→ **Data section**
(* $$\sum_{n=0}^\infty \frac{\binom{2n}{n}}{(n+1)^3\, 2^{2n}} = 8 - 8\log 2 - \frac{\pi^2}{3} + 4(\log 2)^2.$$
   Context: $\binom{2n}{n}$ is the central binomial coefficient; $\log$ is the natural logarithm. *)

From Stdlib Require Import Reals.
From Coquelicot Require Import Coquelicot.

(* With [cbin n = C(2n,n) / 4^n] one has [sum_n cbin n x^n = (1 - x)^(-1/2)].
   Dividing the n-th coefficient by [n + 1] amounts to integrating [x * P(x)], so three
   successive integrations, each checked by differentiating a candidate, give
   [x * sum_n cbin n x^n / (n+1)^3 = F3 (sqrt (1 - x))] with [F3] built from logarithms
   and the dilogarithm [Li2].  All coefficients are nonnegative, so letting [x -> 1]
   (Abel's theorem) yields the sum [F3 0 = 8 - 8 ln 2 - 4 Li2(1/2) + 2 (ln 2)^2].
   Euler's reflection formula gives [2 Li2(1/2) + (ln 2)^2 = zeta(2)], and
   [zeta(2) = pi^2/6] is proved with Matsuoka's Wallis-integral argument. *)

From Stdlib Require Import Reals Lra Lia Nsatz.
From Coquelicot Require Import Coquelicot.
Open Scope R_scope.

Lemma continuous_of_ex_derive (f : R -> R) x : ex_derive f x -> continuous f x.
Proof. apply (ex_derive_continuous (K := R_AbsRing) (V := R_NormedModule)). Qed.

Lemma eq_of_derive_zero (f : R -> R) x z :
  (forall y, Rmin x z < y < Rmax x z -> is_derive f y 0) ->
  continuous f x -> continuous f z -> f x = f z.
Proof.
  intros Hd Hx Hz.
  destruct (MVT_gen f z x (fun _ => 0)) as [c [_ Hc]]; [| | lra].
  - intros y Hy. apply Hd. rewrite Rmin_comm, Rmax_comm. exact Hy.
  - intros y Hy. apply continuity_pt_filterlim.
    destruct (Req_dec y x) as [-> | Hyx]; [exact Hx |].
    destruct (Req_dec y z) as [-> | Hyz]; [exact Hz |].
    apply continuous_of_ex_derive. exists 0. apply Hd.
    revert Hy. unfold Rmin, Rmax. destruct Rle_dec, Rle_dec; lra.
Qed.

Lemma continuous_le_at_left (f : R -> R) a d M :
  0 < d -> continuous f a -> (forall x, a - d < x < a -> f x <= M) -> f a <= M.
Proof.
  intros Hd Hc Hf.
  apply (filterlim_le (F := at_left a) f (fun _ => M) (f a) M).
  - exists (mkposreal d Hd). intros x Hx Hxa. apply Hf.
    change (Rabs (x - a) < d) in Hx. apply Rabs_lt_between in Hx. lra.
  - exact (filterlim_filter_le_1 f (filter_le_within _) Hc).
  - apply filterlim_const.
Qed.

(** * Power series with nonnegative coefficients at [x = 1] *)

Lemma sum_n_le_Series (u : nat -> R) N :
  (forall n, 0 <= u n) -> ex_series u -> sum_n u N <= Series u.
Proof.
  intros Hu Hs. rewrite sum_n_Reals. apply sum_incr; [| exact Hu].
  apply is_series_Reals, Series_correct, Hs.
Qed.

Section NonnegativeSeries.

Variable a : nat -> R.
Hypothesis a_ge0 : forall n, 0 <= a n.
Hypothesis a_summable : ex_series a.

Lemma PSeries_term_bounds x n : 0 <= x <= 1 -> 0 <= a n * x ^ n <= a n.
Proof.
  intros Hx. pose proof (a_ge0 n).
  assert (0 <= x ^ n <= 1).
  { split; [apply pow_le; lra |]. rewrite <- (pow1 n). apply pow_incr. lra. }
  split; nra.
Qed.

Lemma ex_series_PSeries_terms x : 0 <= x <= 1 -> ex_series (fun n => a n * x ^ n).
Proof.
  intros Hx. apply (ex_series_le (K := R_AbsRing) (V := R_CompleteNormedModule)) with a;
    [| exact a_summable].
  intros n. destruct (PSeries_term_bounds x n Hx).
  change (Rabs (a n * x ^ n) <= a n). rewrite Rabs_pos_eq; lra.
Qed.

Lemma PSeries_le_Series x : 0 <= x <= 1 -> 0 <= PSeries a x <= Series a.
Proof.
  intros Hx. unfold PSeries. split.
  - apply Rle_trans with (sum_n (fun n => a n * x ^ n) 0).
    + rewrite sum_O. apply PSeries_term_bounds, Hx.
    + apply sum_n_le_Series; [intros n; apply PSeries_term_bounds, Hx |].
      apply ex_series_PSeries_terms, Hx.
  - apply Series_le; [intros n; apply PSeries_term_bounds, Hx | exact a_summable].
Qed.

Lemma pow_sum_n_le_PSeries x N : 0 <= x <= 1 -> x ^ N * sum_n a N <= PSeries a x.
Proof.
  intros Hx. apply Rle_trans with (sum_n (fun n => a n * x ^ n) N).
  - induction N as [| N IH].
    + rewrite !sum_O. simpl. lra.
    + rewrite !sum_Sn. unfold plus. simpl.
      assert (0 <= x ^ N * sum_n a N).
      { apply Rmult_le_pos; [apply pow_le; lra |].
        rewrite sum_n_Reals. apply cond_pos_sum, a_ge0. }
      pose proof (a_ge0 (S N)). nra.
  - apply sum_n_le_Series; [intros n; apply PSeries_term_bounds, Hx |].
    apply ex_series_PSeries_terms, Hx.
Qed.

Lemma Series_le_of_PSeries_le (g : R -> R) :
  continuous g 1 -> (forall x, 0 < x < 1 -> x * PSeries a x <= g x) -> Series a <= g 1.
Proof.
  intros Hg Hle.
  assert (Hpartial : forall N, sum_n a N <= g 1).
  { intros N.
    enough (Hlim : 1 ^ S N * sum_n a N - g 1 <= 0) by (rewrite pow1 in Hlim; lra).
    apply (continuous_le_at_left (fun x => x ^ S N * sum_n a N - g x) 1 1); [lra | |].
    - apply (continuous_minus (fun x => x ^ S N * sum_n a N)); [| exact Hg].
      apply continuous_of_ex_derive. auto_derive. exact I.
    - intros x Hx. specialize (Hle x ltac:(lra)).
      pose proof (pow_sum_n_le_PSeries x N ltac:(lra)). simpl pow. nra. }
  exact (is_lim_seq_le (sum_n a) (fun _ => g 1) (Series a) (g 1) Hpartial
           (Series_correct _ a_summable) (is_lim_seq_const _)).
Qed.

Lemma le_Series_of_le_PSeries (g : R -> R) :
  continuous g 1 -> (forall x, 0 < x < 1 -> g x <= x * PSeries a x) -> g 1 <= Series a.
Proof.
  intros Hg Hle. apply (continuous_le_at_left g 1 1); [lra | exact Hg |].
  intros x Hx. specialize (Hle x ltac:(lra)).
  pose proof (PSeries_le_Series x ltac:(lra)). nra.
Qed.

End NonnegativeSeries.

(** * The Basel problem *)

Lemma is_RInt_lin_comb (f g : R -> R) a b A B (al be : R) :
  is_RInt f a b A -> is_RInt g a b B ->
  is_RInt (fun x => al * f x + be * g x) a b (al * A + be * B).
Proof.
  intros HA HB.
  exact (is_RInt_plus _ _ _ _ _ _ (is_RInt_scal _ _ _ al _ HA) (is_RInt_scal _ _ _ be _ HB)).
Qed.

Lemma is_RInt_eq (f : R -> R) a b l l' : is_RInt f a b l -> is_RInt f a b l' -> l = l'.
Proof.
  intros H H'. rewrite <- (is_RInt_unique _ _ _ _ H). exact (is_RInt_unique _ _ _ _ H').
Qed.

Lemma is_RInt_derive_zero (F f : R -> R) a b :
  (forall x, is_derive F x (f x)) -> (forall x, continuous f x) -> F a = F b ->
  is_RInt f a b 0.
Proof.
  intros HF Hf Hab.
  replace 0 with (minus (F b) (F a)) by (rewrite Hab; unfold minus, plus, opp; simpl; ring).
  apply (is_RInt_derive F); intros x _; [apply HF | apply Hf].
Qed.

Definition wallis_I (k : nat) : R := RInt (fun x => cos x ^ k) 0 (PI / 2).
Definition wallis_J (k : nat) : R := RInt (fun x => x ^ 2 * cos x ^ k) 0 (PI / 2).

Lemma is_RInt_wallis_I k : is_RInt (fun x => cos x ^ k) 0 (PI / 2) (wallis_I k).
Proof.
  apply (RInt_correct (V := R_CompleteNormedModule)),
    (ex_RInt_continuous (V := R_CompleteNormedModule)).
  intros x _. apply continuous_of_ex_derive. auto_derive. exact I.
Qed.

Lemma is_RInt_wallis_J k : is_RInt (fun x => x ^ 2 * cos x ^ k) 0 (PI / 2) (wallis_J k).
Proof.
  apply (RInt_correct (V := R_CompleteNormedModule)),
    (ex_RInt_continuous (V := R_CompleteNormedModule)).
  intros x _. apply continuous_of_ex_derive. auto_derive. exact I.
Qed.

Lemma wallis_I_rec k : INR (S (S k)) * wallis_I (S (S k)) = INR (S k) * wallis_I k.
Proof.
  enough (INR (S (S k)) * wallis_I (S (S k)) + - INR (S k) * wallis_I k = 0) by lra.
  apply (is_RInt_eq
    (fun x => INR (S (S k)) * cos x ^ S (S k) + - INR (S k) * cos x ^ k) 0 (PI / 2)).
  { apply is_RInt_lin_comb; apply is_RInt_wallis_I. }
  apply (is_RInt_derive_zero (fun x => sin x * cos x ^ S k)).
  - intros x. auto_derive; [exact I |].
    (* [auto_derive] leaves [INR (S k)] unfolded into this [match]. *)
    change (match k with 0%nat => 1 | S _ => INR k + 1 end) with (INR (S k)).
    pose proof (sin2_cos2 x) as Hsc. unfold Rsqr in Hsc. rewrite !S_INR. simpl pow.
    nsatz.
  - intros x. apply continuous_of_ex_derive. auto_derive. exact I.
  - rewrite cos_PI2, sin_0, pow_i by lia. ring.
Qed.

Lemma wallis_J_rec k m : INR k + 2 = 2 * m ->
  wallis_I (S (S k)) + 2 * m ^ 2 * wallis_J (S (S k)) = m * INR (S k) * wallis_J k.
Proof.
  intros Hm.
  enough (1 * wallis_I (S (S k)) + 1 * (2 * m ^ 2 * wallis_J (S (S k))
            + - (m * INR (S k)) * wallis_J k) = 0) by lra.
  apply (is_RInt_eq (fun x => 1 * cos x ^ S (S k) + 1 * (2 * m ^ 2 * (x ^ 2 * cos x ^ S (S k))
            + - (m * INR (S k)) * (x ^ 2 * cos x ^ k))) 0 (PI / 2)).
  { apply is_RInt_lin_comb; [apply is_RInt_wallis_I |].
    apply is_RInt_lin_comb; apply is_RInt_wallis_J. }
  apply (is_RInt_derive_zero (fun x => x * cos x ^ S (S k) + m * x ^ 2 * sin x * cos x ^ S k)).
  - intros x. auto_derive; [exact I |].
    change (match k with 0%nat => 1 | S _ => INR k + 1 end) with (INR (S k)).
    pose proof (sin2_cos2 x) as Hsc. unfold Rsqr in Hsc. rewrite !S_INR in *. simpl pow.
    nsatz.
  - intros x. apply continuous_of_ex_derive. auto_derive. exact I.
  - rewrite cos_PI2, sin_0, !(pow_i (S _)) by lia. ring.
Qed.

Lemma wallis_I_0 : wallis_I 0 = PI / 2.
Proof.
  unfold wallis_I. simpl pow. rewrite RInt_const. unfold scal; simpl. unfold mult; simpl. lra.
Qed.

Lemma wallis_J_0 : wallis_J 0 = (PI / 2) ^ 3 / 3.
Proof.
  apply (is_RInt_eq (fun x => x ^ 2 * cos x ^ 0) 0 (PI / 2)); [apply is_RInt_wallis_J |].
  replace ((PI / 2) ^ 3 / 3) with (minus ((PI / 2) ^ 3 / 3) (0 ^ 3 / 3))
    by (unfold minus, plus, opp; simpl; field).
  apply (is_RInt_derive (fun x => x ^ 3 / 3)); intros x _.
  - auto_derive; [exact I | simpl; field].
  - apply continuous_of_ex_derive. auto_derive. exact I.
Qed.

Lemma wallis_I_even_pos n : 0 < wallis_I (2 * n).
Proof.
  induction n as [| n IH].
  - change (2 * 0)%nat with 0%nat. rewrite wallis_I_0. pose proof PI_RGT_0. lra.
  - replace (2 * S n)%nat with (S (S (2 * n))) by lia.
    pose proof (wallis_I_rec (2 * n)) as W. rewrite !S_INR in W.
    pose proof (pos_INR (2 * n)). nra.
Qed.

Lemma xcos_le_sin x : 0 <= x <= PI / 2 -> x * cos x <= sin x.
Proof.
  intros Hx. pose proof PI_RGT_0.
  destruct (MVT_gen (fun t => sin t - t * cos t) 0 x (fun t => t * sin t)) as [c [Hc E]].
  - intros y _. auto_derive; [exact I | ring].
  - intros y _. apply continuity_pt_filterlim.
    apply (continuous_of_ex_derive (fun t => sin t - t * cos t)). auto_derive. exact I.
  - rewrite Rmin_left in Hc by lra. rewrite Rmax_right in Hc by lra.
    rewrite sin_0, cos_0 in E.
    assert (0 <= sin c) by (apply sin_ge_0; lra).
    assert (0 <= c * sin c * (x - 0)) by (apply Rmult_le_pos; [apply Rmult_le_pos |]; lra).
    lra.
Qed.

→ **What the task asks**
Repeat word for word the lines above that run from the line containing "- rewrite cos_PI2, sin_0, !(pow_i" through the line containing "rewrite sin_0, cos_0 in E.", both ends included, and nothing else.

→ **Completed exercise**
  - rewrite cos_PI2, sin_0, !(pow_i (S _)) by lia. ring.
Qed.

Lemma wallis_I_0 : wallis_I 0 = PI / 2.
Proof.
  unfold wallis_I. simpl pow. rewrite RInt_const. unfold scal; simpl. unfold mult; simpl. lra.
Qed.

Lemma wallis_J_0 : wallis_J 0 = (PI / 2) ^ 3 / 3.
Proof.
  apply (is_RInt_eq (fun x => x ^ 2 * cos x ^ 0) 0 (PI / 2)); [apply is_RInt_wallis_J |].
  replace ((PI / 2) ^ 3 / 3) with (minus ((PI / 2) ^ 3 / 3) (0 ^ 3 / 3))
    by (unfold minus, plus, opp; simpl; field).
  apply (is_RInt_derive (fun x => x ^ 3 / 3)); intros x _.
  - auto_derive; [exact I | simpl; field].
  - apply continuous_of_ex_derive. auto_derive. exact I.
Qed.

Lemma wallis_I_even_pos n : 0 < wallis_I (2 * n).
Proof.
  induction n as [| n IH].
  - change (2 * 0)%nat with 0%nat. rewrite wallis_I_0. pose proof PI_RGT_0. lra.
  - replace (2 * S n)%nat with (S (S (2 * n))) by lia.
    pose proof (wallis_I_rec (2 * n)) as W. rewrite !S_INR in W.
    pose proof (pos_INR (2 * n)). nra.
Qed.

Lemma xcos_le_sin x : 0 <= x <= PI / 2 -> x * cos x <= sin x.
Proof.
  intros Hx. pose proof PI_RGT_0.
  destruct (MVT_gen (fun t => sin t - t * cos t) 0 x (fun t => t * sin t)) as [c [Hc E]].
  - intros y _. auto_derive; [exact I | ring].
  - intros y _. apply continuity_pt_filterlim.
    apply (continuous_of_ex_derive (fun t => sin t - t * cos t)). auto_derive. exact I.
  - rewrite Rmin_left in Hc by lra. rewrite Rmax_right in Hc by lra.
    rewrite sin_0, cos_0 in E.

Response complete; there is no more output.